3. いざという時に備えましょう。 40代になったのであれば、遺言を書いたり、年金の受取人・遺産の相続人を明確にしておいてもいいでしょう。また、その他の資産の処分方法についても文書で指示しておくのもいいでしょう。
50代
1. 目標額に向けて資産形成を加速させましょう。 50代に突入したら、可能であれば、勤務先の企業年金制度への積立額を増やしてみましょう。ただし、税優遇を受けられる掛金には上限が設けられているかもしれませんので、注意してください。
2. 大切なものを守りましょう。 生命保険と所得補償保険に加入して、適正水準の保険金を準備しておく必要があります。

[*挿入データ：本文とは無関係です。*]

Lemma flips_notin S z : ~ In z S -> flips S z = 1.
Proof.
  induction S as [|y S IH]; simpl; intros Hz; [reflexivity|].
  fold (flips S z). unfold sign_flip.
  destruct (Z.eq_dec z y); [exfalso; auto|]. rewrite IH by auto; ring.
Qed.

Lemma flips_in S z : NoDup S -> In z S -> flips S z = -1.
Proof.
  induction S as [|y S IH]; simpl; intros Hnd Hz; [destruct Hz|].
  fold (flips S z). inversion Hnd as [|? ? Hy Hnd']; subst. unfold sign_flip.
  destruct (Z.eq_dec z y) as [->|Hne].
  - rewrite flips_notin by auto; ring.
  - destruct Hz as [Hz|Hz]; [congruence|]. rewrite IH by auto; ring.
Qed.

(* [1{all odd} = prod_(y in ys) (1 - (-1)^G(y)) / 2] multiplied out; [(-1)^G(y)] is
   [prod_along (sign_flip y)]. *)
Lemma all_odd_expansion ys ps :
  (if all_odd ys ps then 1 else 0) =
  / 2 ^ length ys *
  sumR (map (fun S => (-1) ^ length S * prod_along (flips S) ps) (sublists ys)).
Proof.
  induction ys as [|y ys IH]; simpl.
  - unfold flips; simpl. rewrite prod_along_one, Rinv_1; ring.
  - rewrite map_app, sumR_app, map_map.
    set (X := sumR _) at 1.
    rewrite (sumR_map_ext _
      (fun S => - prod_along (sign_flip y) ps * ((-1) ^ length S * prod_along (flips S) ps)))
      by (intros S; rewrite prod_along_flips_cons; simpl; ring).
    rewrite sumR_scal. fold X.
    assert (HX : X = 2 ^ length ys * (if all_odd ys ps then 1 else 0))
      by (rewrite IH; unfold X; field; apply pow_nonzero; lra).
    rewrite HX, prod_along_sign_flip.
    destruct (Nat.odd _), (all_odd ys ps); simpl; field; apply pow_nonzero; lra.
Qed.

(** * First-step analysis of the exit functionals *)

(* Exit time counted from time 0 on: [stops_at N z s] iff the walk started at
   [z] with steps [s] satisfies [inf {n >= 0 | X_n \notin (0, N)} = length s]. *)
Definition stops_at (N : nat) (z : Z) (s : list bool) : bool :=
  match s with
  | [] => boundary N z
  | _ :: _ => interior N z && exits_at N z s
  end.

Lemma exits_at_cons N x b s : exits_at N x (b :: s) = stops_at N (step x b) s.
Proof.
  unfold exits_at; destruct s as [|b' s]; [reflexivity|].
  cbn [tl positions stops_at]. unfold exits_at. cbn [tl positions].
  destruct (positions (step (step x b) b') s) as [|z ps] eqn:E;
    [destruct s; discriminate|].
  cbn [removelast forallb last]. rewrite andb_assoc. reflexivity.
Qed.

Lemma interior_not_boundary N z : interior N z = true -> boundary N z = false.
Proof.
  unfold interior, boundary; intros H.
  apply andb_prop in H as [H1 H2]; apply Z.ltb_lt in H1; apply Z.ltb_lt in H2.
  apply orb_false_iff; split; apply Z.eqb_neq; lia.
Qed.

Lemma exits_at_interior N x s : interior N x = true -> exits_at N x s = stops_at N x s.
Proof.
  intros Hx; destruct s as [|b s]; simpl.
  - now rewrite interior_not_boundary.
  - now rewrite Hx.
Qed.

(* [exit_functional p N w x L = E_x[prod_(n <= tau_N) w(X_n); tau_N = L]]. *)
Definition exit_functional (p : R) (N : nat) (w : Z -> R) (x : Z) (L : nat) : R :=
  sumR (map (fun s => if exits_at N x s then weight p s * prod_along w (positions x s) else 0)
            (all_paths L)).

Definition stop_functional (p : R) (N : nat) (w : Z -> R) (z : Z) (L : nat) : R :=
  sumR (map (fun s => if stops_at N z s then weight p s * prod_along w (positions z s) else 0)
            (all_paths L)).

Lemma exit_functional_0 p N w x : exit_functional p N w x 0 = 0.
Proof. unfold exit_functional; simpl; unfold exits_at; simpl; ring. Qed.

Lemma exit_functional_S p N w x L :
  exit_functional p N w x (S L) =
  w x * (p * stop_functional p N w (x + 1) L + (1 - p) * stop_functional p N w (x - 1) L).
Proof.
  unfold exit_functional, stop_functional. rewrite sumR_all_paths_S.
  rewrite (sumR_map_ext (fun s => if exits_at N x (true :: s) then _ else _)
    (fun s => w x * p * (if stops_at N (x + 1) s
                         then weight p s * prod_along w (positions (x + 1) s) else 0)))
    by (intros s; rewrite exits_at_cons; simpl; destruct (stops_at _ _ _); ring).
  rewrite (sumR_map_ext (fun s => if exits_at N x (false :: s) then _ else _)
    (fun s => w x * (1 - p) * (if stops_at N (x - 1) s
                               then weight p s * prod_along w (positions (x - 1) s) else 0)))
    by (intros s; rewrite exits_at_cons; simpl; destruct (stops_at _ _ _); ring).
  rewrite !sumR_scal; ring.
Qed.

Lemma stop_functional_0 p N w z :
  stop_functional p N w z 0 = if boundary N z then w z else 0.
Proof. unfold stop_functional; simpl; destruct (boundary N z); ring. Qed.
Lemma walk_rev n x y : walk adj n x y -> walk adj n y x.
Proof.
  intro H. destruct (walk_is_path H) as [c [Hc [<- <-]]].
  pose proof (is_path_walk (is_path_rev Hc)) as W.
  cbv beta in W. rewrite Nat.sub_0_r, Nat.sub_diag in W. exact W.
Qed.

Lemma linked_sym P x y : linked P x y -> linked P y x.
Proof.
  intros [c [n [Hc [H0 [Hn HP]]]]]. exists (fun t => c (n - t)), n. repeat split.
  - apply is_path_rev. auto.
  - rewrite Nat.sub_0_r. auto.
  - rewrite Nat.sub_diag. auto.
  - intros t Ht. apply HP. lia.
Qed.

(* A junk value unless x and y are joined by a walk; the lemmas below assume connectedness. *)
Definition dist (x y : V) : nat := epsilon (inhabits 0) (gdist adj x y).

Hypothesis adj_connected : connected adj.

Lemma dist_spec x y : gdist adj x y (dist x y).
Proof.
  unfold dist. apply epsilon_spec.
  destruct (least_witness (fun n => walk adj n x y)) as [n [Hn Hmin]]; [apply adj_connected|].
  exists n. split; auto.
Qed.

Lemma dist_le n x y : walk adj n x y -> dist x y <= n.
Proof. apply dist_spec. Qed.

Lemma dist_walk x y : walk adj (dist x y) x y.
Proof. apply dist_spec. Qed.

Lemma gdist_dist x y d : gdist adj x y d -> d = dist x y.
Proof.
  intros [W Hmin]. pose proof (dist_le W). specialize (Hmin _ (dist_walk x y)). lia.
Qed.

Lemma dist_refl x : dist x x = 0.
Proof. pose proof (dist_le (walk0 adj x)). lia. Qed.

Lemma dist_eq0 x y : dist x y = 0 -> x = y.
Proof. intro H. pose proof (dist_walk x y) as W. rewrite H in W. inversion W. auto. Qed.

Lemma dist_sym x y : dist x y = dist y x.
Proof.
  pose proof (dist_le (walk_rev (dist_walk x y))).
  pose proof (dist_le (walk_rev (dist_walk y x))). lia.
Qed.

Lemma dist_tri x y z : dist x z <= dist x y + dist y z.
Proof. apply dist_le. apply walk_app with y; apply dist_walk. Qed.

Lemma dist_adj x y : adj x y -> dist x y <= 1.
Proof. intro H. apply dist_le. apply walkS with y; [exact H | constructor]. Qed.

Lemma dist_subpath_le c n a b : is_path c n -> a <= b -> b <= n -> dist (c a) (c b) <= b - a.
Proof.
  intros Hc Hab Hb.
  assert (W : walk adj (b - a) (c (a + 0)) (c (a + (b - a)))).
  { apply (is_path_walk (c := fun t => c (a + t))).
    intros t Ht. replace (a + S t) with (S (a + t)) by lia. apply Hc. lia. }
  rewrite Nat.add_0_r in W. replace (a + (b - a)) with b in W by lia. exact (dist_le W).
Qed.

Definition geodesic (c : nat -> V) (n : nat) : Prop := is_path c n /\ dist (c 0) (c n) = n.

Lemma geodesic_exists x y :
  exists c, geodesic c (dist x y) /\ c 0 = x /\ c (dist x y) = y.
Proof.
  destruct (walk_is_path (dist_walk x y)) as [c [Hc [H0 Hn]]].
  exists c. repeat split; auto. congruence.
Qed.

Lemma geodesic_dist c n a b : geodesic c n -> a <= b -> b <= n -> dist (c a) (c b) = b - a.
Proof.
  intros [Hc Hn] Hab Hb.
  pose proof (dist_subpath_le Hc Hab Hb).
  pose proof (dist_subpath_le Hc (Nat.le_0_l a) (Nat.le_trans _ _ _ Hab Hb)).
  pose proof (dist_subpath_le Hc Hb (le_n n)).
  pose proof (dist_tri (c 0) (c a) (c n)). pose proof (dist_tri (c a) (c b) (c n)). lia.
Qed.

Lemma geodesic_inj c n a b : geodesic c n -> a <= n -> b <= n -> c a = c b -> a = b.
Proof.
  intros Hc Ha Hb E. destruct (le_lt_dec a b).
  - pose proof (geodesic_dist Hc l Hb) as G. rewrite E, dist_refl in G. lia.
  - pose proof (geodesic_dist Hc (Nat.lt_le_incl _ _ l) Ha) as G. rewrite E, dist_refl in G. lia.
Qed.

Lemma dist_pred_neighbor o x n : dist o x = S n -> exists y, adj y x /\ dist o y = n.
Proof.
  intro H. destruct (geodesic_exists o x) as [c [Hc [H0 Hn]]]. rewrite H in Hc, Hn.
  exists (c n). split.
  - rewrite <- Hn. apply Hc. lia.
  - pose proof (geodesic_dist Hc (Nat.le_0_l n) (Nat.le_succ_diag_r n)) as G.
    rewrite H0 in G. lia.
Qed.

Lemma coarse_path_linked (q : nat -> V) a b J : a <= b ->
  (forall t, a <= t < b -> dist (q t) (q (S t)) <= J) ->
  linked (fun v => exists t, a <= t <= b /\ dist (q t) v <= J) (q a) (q b).
Proof.
  intros Hab Hq. induction Hab as [|b Hab IH].
  - apply linked_refl. exists a. rewrite dist_refl. split; lia.
  - apply linked_trans with (q b).
    + eapply linked_mono; [|apply IH; intros; apply Hq; lia].
      intros v [t [Ht Hd]]. exists t. split; auto. lia.
    + destruct (geodesic_exists (q b) (q (S b))) as [g [Hg [G0 G1]]].
      rewrite <- G0, <- G1. apply linked_subpath with (dist (q b) (q (S b))); auto;
        [apply Hg | lia |].
      intros t Ht. exists b. split; [lia|]. rewrite <- G0, (geodesic_dist Hg) by lia.
      specialize (Hq b ltac:(lia)). lia.
Qed.

End Paths.

(** * Trees *)

Lemma last_cons (A : Type) (a : A) l d : last (a :: l) d = last l a.
Proof.
  revert a d. induction l as [|b l IH]; intros a d; [reflexivity|].
  change (last (b :: l) d = last (b :: l) a). rewrite !IH. reflexivity.
Qed.

Section Acyclic.
Context {V : Type} (adj : V -> V -> Prop).

Lemma chain_map (c : nat -> V) k N : (forall t, k <= t < k + N -> adj (c t) (c (S t))) ->
  chain adj (c k) (map c (seq (S k) N)).
Proof.
  revert k. induction N as [|N IH]; intros k H; simpl; auto.
  split; [apply H; lia|]. apply IH. intros t Ht. apply H. lia.
Qed.

Lemma last_map_seq (c : nat -> V) k N : last (map c (seq (S k) N)) (c k) = c (k + N).
Proof.
  revert k. induction N as [|N IH]; intros k; [simpl; f_equal; lia|].
  simpl map. rewrite last_cons, IH. f_equal. lia.
Qed.

Lemma chain_nth x l d : chain adj x l ->
  forall t, t < length l -> adj (nth t (x :: l) d) (nth (S t) (x :: l) d).
Proof.
  revert x. induction l as [|y l IH]; intros x Hch t Ht; simpl in *; [lia|].
  destruct Hch as [Hxy Hl]. destruct t; auto. apply (IH y Hl). lia.
Qed.

Lemma last_nth (x : V) l : last l x = nth (length l) (x :: l) x.
Proof.
  revert x. induction l as [|y l IH]; intros x; auto.
  rewrite last_cons, IH.
  change (nth (length l) (y :: l) y = nth (length l) (y :: l) x).
  apply nth_indep. simpl. lia.
Qed.
Lemma nested_logit_pair_same_nest x y : cls y = cls x -> x != y ->
  p x [fset x; y] = u x / (u x + u y).
Proof.
move=> cy xy.
have As : [fset x; y] =i [:: x; y] by move=> z; rewrite !inE.
have us : uniq [:: x; y] by rewrite /= !inE xy.
rewrite nested_logitE ?inE ?eqxx // /nest_total (big_pred1 (cls x)); last first.
  by move=> j; rewrite (nest_nonempty_seq cls _ As) /= orbF cy orbb eq_sym.
rewrite (block_sum_seq cls u _ us As) !big_cons big_nil cy eqxx addr0.
by rewrite divff ?mul1r // gt_eqF ?powR_gt0 ?addr_gt0 ?u_gt0.
Qed.

Lemma nested_logit_pair x c : cls x != cls c ->
  p x [fset x; c] = u x `^ eta (cls x) / (u x `^ eta (cls x) + u c `^ eta (cls c)).
Proof.
move=> nxc; have xc : x != c by apply: contraNneq nxc => ->.
have As : [fset x; c] =i [:: x; c] by move=> z; rewrite !inE.
have us : uniq [:: x; c] by rewrite /= !inE xc.
rewrite nested_logitE ?inE ?eqxx // /nest_total (sum_pred2 _ nxc); last first.
  by move=> j; rewrite (nest_nonempty_seq cls _ As) /= orbF !(eq_sym j).
rewrite !(block_sum_seq cls u _ us As) !big_cons !big_nil !eqxx eq_sym (negbTE nxc).
by rewrite !addr0 divff ?mulr1 ?gt_eqF ?u_gt0.
Qed.

Lemma nested_logit_triple x y c : cls y = cls x -> x != y -> cls x != cls c ->
  p x ([fset x; c] `|` [fset y]) =
    (u x + u y) `^ eta (cls x) /
      ((u x + u y) `^ eta (cls x) + u c `^ eta (cls c)) * (u x / (u x + u y)).
Proof.
move=> cy xy nxc.
have xc : x != c by apply: contraNneq nxc => ->.
have yc : y != c by apply: contraNneq nxc => <-; rewrite cy.
have As : [fset x; c] `|` [fset y] =i [:: x; c; y] by move=> z; rewrite !inE orbA.
have us : uniq [:: x; c; y] by rewrite /= !inE negb_or xc xy (eq_sym c) yc.
rewrite nested_logitE ?inE ?eqxx // /nest_total (sum_pred2 _ nxc); last first.
  move=> j; rewrite (nest_nonempty_seq cls _ As) /= orbF cy !(eq_sym j).
  by case: (cls x == j); rewrite ?orbF.
rewrite !(block_sum_seq cls u _ us As) !big_cons !big_nil cy !eqxx eq_sym (negbTE nxc).
by rewrite !addr0.
Qed.

(* On the menu {x, b, x'} the odds of x against b are (u x + u x')^(eta - 1) u x
   over u b^eta, on {x, b} they are u x^eta over u b^eta; for eta > 1 these
   differ, so x ~_p b forces b into the nest of x. *)
Lemma sim_p_same_nest x x' b : cls x' = cls x -> x != x' -> 1 < eta (cls x) ->
  sim_p p x b -> cls b = cls x.
Proof.
move=> cx' xx' eta1 sxb; apply/eqP; apply: contraT => nbx; exfalso.
have xb : x != b by apply: contraNneq nbx => <-.
have bx' : b != x' by apply: contraNneq nbx => ->; rewrite cx'.
have nxb : (cls x == cls b) = false by rewrite eq_sym (negbTE nbx).
have As : [fset x; b; x'] =i [:: x; b; x'] by move=> z; rewrite !inE orbA.
have us : uniq [:: x; b; x'] by rewrite /= !inE negb_or xb xx' bx'.
have Ps : [fset x; b] =i [:: x; b] by move=> z; rewrite !inE.
have ups : uniq [:: x; b] by rewrite /= !inE xb.
have := sxb [fset x; b; x'] ltac:(by rewrite !inE eqxx) ltac:(by rewrite !inE eqxx orbT).
rewrite !nested_logit_ratio ?inE ?eqxx ?orbT //.
rewrite !(block_sum_seq cls u _ us As) !(block_sum_seq cls u _ ups Ps).
rewrite !big_cons !big_nil cx' !eqxx (negbTE nbx) nxb !addr0.
have ux := u_gt0 x; have ub := u_gt0 b.
rewrite !divff ?gt_eqF // !mulr1.
move/(congr1 (fun r => r * u b `^ eta (cls b))).
rewrite !divfK ?gt_eqF ?powR_gt0 // => E.
set S := u x + u x' in E *.
have xS : u x < S by rewrite ltrDl u_gt0.
have := powR_superlinear eta1 ux xS; rewrite -E.
have -> : S * (S `^ eta (cls x) * (u x / S)) = u x * S `^ eta (cls x).
  by field; rewrite gt_eqF // (lt_trans ux).
by rewrite ltxx.
Qed.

また、民間の介護保険への加入も検討し始めると良いでしょう。
3. キャッシュフローを試算しましょう。 リタイア後にあなたの収入で生活できますか?まだ時間はありますから、予想される支出と収入を確認してみましょう。必要不可欠な支出と削ることができる支出を概算します。次に、公的年金、私的年金や個人の貯蓄から、どのくらいのお金がもらえるかを概算します。収支を比較し、それで何年生活できるかを計算しましょう。
60代
1. 老後資金計画の総まとめをしましょう。 貯蓄をどのように取り崩すのか、つまり毎月一定額を機械的に引き出すのか、利息と配当金のみを引き出すのか、まとまった金額を定期的に引き出すのか、といったことを決めます。年金など、必ず入ってくる収入は老後の必要不可欠な支出に当てます。退職年齢と平均余命をもとに、生きている間、貯蓄が尽きないようにするには、毎年どれくらいのお金を引き出していくのが妥当なのか、この割合を明確にします。
2. 公的年金の受給開始年齢を選択しましょう。 公的年金の受給開始年齢は慎重に決めましょう。受給開始年齢を繰り下げると年金額が増額されます。公的年金については、日本年金機構から送られてくる「ねんきん定期便」あるいは「ねんきんネット」で情報が得られますので、それらをよく読みましょう。まだ「ねんきん定期便」が送られてきていない場合は、日本年金機構に問い合わせましょう。
3. 遺産相続計画を完成させましょう。 遺産で揉めごとが起きないようにするために、最低限、遺言は作成しておきましょう。遺産相続計画と弁護士の委任状もあるといいでしょう。こうした準備があれば、ご自身が自分の健康や財産に関して意思表示ができなくなった場合に、第三者が代わりに執行してくれます。書類の作成に際しては、弁護士などの専門家と相談するのがよいでしょう。